_Task description_
Go through the data below. List every line that holds the word "consecutive".

_Source data_
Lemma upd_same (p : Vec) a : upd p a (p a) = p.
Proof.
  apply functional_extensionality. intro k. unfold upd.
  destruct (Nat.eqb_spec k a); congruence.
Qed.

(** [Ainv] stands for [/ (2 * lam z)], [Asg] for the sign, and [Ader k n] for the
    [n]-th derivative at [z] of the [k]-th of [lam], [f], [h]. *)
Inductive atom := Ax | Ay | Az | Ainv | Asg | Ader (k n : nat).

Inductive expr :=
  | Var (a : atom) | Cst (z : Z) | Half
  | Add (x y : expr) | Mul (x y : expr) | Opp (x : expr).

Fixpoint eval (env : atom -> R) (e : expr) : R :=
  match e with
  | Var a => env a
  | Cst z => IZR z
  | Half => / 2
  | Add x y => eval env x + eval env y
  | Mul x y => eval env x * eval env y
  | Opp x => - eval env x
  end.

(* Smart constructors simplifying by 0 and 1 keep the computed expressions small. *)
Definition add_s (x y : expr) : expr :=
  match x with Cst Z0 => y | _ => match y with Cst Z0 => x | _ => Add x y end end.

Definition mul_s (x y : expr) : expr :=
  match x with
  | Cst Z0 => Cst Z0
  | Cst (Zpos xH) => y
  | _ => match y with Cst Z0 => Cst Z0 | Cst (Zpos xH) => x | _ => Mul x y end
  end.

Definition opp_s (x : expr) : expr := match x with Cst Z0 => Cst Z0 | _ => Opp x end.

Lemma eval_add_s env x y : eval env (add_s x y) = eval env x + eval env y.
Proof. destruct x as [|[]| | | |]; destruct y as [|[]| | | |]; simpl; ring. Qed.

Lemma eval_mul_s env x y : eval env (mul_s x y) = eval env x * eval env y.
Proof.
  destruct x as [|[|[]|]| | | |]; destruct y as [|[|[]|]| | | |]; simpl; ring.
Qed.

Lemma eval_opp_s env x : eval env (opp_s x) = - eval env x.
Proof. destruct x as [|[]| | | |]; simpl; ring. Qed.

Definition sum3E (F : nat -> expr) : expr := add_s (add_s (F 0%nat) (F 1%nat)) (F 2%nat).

...

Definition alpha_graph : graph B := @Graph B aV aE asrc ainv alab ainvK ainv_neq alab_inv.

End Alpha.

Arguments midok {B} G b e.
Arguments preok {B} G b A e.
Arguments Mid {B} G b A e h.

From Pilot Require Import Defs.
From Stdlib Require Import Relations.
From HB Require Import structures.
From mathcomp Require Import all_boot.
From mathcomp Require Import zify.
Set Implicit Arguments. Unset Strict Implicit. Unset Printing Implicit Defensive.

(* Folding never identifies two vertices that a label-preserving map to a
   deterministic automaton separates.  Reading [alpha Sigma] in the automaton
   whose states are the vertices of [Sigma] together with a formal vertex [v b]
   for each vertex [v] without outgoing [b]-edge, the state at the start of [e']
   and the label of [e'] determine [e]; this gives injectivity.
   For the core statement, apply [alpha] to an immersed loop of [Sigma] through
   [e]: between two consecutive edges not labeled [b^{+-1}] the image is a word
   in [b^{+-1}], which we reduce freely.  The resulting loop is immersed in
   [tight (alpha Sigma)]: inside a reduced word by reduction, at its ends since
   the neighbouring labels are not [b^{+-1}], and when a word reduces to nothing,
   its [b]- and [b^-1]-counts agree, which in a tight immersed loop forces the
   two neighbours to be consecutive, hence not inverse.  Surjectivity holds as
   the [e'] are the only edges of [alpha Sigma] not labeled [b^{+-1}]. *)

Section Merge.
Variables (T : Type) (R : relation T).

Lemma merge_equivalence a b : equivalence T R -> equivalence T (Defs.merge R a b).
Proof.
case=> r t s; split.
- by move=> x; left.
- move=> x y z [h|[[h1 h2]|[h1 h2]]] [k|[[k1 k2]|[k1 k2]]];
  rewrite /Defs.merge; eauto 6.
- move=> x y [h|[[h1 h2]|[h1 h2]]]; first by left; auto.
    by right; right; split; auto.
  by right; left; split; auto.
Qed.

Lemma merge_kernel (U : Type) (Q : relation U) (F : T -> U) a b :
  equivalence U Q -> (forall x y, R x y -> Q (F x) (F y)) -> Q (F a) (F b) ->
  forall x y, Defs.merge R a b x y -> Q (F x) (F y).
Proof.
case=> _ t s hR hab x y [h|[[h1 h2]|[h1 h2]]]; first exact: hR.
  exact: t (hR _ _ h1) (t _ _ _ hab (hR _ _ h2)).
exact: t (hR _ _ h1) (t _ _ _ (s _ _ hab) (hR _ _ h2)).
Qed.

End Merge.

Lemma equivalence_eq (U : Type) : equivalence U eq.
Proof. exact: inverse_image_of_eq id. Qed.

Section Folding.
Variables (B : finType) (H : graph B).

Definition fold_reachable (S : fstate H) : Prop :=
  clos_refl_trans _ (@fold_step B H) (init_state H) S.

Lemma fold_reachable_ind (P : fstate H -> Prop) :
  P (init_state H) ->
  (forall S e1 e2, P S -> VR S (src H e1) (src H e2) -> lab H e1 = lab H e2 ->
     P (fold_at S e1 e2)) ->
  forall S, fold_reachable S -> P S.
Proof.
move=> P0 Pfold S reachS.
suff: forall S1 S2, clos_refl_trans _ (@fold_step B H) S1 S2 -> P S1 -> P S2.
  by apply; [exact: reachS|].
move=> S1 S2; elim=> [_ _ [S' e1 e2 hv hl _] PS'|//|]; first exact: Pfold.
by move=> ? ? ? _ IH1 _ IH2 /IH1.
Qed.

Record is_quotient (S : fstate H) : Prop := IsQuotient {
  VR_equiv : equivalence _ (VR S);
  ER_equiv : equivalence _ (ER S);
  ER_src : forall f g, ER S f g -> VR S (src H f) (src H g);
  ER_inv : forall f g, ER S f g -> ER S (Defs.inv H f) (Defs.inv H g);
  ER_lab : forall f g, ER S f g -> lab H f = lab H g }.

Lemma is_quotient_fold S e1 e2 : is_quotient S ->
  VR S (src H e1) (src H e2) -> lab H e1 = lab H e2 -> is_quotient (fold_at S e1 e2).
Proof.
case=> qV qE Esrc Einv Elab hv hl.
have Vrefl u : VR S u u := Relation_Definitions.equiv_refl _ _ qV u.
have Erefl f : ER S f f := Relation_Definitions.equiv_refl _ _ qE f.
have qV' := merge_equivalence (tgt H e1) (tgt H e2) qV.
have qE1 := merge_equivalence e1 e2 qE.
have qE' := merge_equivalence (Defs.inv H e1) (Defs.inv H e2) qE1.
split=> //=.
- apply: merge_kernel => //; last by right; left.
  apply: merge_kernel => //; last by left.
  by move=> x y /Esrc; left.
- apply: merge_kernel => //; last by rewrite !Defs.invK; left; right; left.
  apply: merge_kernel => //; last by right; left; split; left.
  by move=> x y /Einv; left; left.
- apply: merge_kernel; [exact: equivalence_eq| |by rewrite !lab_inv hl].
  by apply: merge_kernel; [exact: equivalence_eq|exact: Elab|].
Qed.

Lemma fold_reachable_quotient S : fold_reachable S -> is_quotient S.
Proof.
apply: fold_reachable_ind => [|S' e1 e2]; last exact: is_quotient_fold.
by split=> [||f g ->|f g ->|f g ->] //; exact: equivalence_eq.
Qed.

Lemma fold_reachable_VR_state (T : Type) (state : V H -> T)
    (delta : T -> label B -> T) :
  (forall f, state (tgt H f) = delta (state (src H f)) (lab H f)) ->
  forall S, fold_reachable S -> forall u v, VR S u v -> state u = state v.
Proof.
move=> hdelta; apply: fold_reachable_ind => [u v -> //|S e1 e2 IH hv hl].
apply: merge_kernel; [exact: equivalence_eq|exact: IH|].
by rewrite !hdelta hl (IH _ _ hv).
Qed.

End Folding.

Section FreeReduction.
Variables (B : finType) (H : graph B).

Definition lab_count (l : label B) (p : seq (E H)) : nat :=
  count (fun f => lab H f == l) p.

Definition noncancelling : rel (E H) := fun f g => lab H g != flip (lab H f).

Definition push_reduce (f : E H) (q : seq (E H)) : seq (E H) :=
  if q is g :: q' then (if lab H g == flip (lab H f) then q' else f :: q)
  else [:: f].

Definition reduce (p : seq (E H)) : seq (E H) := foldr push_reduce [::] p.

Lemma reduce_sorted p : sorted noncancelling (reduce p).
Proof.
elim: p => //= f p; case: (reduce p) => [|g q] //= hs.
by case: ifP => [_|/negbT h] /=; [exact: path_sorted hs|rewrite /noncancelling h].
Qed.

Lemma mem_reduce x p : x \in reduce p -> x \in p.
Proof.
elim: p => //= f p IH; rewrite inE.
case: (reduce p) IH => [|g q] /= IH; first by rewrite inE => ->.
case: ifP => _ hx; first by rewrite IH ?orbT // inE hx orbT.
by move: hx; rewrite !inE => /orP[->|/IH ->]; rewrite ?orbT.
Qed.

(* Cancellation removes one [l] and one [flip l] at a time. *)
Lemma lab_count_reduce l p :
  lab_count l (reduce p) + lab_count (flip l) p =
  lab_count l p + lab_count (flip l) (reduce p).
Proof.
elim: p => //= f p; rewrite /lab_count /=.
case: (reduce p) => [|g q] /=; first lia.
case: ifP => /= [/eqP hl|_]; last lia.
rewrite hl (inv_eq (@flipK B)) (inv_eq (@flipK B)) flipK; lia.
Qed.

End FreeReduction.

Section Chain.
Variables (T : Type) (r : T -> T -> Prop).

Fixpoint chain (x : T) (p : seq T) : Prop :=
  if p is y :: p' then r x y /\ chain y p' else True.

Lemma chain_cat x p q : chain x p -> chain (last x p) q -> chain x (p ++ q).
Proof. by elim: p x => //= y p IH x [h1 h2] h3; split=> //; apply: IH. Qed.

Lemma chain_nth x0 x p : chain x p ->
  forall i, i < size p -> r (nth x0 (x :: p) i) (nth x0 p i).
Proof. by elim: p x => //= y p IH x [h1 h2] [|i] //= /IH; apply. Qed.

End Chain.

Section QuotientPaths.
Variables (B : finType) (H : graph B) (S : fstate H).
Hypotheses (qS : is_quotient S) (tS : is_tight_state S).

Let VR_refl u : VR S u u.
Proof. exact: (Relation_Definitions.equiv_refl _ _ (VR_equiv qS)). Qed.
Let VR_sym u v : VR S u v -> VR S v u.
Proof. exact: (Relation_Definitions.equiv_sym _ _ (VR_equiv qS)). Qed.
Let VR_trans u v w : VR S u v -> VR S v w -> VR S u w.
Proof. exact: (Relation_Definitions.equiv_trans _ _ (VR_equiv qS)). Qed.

--

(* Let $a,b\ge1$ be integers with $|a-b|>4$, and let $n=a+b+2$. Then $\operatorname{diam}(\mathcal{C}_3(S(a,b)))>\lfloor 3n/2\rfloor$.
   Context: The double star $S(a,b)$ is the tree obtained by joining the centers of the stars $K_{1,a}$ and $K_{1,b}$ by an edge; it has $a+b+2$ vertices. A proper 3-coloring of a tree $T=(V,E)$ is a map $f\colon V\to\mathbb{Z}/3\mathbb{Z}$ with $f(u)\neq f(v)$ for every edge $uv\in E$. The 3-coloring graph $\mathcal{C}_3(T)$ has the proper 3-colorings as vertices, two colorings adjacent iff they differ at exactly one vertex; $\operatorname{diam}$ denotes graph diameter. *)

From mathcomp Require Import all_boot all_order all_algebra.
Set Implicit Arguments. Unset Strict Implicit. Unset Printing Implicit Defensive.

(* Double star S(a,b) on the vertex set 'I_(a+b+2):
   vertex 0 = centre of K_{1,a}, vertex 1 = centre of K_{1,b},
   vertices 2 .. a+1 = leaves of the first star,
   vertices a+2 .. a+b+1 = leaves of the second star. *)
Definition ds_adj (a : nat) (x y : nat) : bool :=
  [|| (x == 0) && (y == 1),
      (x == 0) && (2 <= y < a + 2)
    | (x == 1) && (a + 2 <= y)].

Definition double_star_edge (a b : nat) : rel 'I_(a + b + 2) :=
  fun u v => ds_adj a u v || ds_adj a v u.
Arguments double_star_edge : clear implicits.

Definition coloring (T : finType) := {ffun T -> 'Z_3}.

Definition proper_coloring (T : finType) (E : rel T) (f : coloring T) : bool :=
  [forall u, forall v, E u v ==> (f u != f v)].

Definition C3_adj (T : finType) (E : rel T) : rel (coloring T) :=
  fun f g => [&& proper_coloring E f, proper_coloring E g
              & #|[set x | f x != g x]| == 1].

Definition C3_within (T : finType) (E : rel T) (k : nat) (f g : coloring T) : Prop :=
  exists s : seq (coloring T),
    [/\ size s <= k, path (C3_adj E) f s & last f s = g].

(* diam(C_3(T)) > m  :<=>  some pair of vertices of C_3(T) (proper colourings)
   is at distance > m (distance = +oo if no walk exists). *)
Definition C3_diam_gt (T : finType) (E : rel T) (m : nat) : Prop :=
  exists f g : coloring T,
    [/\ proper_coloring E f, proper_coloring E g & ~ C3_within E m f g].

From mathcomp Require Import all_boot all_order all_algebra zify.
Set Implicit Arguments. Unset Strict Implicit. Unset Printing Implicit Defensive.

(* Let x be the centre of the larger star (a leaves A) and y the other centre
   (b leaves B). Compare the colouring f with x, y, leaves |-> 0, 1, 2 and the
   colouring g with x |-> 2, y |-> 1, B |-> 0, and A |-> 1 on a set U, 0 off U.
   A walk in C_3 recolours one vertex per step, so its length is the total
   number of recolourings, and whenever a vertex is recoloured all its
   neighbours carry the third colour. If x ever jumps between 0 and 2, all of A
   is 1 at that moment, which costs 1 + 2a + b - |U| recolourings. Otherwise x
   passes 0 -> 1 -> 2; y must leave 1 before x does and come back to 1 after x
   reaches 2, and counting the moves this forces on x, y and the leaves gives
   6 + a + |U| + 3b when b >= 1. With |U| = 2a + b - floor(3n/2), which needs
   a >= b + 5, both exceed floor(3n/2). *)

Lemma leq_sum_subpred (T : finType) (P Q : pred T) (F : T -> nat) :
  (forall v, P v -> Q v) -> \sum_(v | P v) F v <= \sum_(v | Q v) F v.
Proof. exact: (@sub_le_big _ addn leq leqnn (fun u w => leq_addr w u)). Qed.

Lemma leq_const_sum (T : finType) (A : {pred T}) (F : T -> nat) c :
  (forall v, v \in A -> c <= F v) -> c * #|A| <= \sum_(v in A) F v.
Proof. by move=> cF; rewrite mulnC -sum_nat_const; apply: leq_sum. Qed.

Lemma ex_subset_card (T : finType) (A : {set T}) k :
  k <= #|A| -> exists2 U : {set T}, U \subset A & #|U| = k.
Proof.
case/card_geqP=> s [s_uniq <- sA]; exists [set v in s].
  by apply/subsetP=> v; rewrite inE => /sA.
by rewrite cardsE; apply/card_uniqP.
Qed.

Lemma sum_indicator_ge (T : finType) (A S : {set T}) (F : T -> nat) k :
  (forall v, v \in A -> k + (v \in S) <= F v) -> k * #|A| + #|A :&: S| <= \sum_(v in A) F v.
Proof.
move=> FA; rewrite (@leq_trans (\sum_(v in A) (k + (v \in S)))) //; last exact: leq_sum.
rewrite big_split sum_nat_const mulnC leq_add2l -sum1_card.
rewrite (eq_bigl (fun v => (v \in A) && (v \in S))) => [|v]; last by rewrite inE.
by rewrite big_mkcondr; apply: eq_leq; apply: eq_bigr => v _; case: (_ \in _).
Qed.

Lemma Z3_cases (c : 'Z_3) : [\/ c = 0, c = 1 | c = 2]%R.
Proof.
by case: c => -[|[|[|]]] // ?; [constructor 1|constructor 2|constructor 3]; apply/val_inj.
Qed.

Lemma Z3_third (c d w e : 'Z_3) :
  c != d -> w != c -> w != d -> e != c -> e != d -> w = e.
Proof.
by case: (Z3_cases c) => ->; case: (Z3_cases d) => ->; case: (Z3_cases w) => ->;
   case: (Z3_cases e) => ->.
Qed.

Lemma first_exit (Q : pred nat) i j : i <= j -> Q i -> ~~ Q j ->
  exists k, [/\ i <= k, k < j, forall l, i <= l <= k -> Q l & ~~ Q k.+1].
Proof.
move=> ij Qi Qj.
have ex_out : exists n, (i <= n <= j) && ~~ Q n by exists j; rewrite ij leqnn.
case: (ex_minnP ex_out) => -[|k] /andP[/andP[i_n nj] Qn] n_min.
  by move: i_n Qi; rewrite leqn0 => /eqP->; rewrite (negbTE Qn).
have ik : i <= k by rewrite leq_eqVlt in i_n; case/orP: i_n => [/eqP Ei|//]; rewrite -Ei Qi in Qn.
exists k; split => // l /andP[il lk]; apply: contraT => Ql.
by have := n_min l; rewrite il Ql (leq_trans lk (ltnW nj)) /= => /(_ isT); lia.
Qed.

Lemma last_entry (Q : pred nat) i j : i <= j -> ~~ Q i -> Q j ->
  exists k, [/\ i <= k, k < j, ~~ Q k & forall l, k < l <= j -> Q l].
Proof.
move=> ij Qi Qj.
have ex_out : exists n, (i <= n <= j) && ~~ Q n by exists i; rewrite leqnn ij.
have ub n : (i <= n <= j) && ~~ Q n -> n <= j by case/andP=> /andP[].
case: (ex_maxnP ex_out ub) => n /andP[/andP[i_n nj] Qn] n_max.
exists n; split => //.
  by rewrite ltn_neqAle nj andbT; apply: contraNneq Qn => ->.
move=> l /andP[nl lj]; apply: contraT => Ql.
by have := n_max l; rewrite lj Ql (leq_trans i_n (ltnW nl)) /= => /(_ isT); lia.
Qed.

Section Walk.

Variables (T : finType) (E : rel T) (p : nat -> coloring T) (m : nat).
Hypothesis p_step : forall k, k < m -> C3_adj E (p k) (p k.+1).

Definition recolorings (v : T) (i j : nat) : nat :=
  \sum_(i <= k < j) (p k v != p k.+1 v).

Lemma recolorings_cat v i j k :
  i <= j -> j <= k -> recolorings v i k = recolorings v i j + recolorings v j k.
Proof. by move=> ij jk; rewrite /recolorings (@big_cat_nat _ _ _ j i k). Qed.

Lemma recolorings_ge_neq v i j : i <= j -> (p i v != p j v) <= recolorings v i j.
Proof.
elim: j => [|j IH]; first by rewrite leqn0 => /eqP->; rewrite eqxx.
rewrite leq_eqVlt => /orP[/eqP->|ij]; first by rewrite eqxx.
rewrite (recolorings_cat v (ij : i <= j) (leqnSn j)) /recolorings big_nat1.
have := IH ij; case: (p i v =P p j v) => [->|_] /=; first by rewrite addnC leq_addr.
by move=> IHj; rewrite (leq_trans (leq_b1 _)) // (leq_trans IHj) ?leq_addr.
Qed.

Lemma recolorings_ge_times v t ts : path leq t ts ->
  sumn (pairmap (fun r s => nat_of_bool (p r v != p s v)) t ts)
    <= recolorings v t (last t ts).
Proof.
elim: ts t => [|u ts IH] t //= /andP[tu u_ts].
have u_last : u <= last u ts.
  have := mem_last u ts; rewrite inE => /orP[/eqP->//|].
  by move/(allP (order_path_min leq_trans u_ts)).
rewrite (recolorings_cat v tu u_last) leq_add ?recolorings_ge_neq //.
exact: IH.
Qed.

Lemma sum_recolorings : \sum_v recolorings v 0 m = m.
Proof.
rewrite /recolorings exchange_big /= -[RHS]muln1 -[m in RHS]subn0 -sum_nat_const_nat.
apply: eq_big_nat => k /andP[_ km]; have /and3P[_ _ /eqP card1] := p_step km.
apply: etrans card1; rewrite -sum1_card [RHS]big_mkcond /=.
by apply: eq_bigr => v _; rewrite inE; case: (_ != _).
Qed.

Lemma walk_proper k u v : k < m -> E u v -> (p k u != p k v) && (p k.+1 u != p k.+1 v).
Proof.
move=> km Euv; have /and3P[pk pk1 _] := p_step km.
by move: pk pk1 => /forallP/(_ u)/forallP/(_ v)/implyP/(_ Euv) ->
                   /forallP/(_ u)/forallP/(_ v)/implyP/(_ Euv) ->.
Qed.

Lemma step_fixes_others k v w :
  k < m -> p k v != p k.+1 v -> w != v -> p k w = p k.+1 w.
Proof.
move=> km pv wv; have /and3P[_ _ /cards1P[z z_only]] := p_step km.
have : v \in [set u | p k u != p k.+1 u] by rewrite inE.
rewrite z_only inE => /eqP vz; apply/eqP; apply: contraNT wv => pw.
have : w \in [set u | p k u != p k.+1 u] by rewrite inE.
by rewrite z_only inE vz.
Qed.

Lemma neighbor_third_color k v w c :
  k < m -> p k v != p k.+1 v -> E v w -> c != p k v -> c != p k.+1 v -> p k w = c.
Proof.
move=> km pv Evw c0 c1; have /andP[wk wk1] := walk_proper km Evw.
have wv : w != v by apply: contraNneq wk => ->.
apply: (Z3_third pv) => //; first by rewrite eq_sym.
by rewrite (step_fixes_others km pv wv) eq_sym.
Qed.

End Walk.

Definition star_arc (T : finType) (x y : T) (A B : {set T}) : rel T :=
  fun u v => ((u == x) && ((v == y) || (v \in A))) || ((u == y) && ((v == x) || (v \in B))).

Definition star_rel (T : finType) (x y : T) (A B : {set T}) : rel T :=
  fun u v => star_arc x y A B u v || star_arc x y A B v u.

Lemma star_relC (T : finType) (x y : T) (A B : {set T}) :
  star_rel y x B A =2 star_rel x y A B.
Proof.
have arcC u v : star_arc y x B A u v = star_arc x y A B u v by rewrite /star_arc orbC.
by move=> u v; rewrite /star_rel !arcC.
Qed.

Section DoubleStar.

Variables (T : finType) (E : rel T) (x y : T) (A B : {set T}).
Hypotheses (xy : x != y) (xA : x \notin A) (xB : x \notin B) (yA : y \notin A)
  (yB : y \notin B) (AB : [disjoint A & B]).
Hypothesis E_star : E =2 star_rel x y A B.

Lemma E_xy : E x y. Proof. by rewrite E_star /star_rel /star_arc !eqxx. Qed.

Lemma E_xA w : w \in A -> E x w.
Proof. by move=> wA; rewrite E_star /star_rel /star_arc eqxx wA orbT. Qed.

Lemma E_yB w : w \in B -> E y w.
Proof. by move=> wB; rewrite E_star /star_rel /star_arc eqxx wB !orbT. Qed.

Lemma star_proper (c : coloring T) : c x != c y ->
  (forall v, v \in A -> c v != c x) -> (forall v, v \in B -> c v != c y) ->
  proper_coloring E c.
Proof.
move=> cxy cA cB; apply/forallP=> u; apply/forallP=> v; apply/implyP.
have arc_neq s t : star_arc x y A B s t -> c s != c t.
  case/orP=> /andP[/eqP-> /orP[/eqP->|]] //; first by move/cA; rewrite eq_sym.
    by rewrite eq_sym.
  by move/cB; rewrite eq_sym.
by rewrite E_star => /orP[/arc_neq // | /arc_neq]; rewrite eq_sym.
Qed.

_Exercise output_
   [e]: between two consecutive edges not labeled [b^{+-1}] the image is a word
   two neighbours to be consecutive, hence not inverse.  Surjectivity holds as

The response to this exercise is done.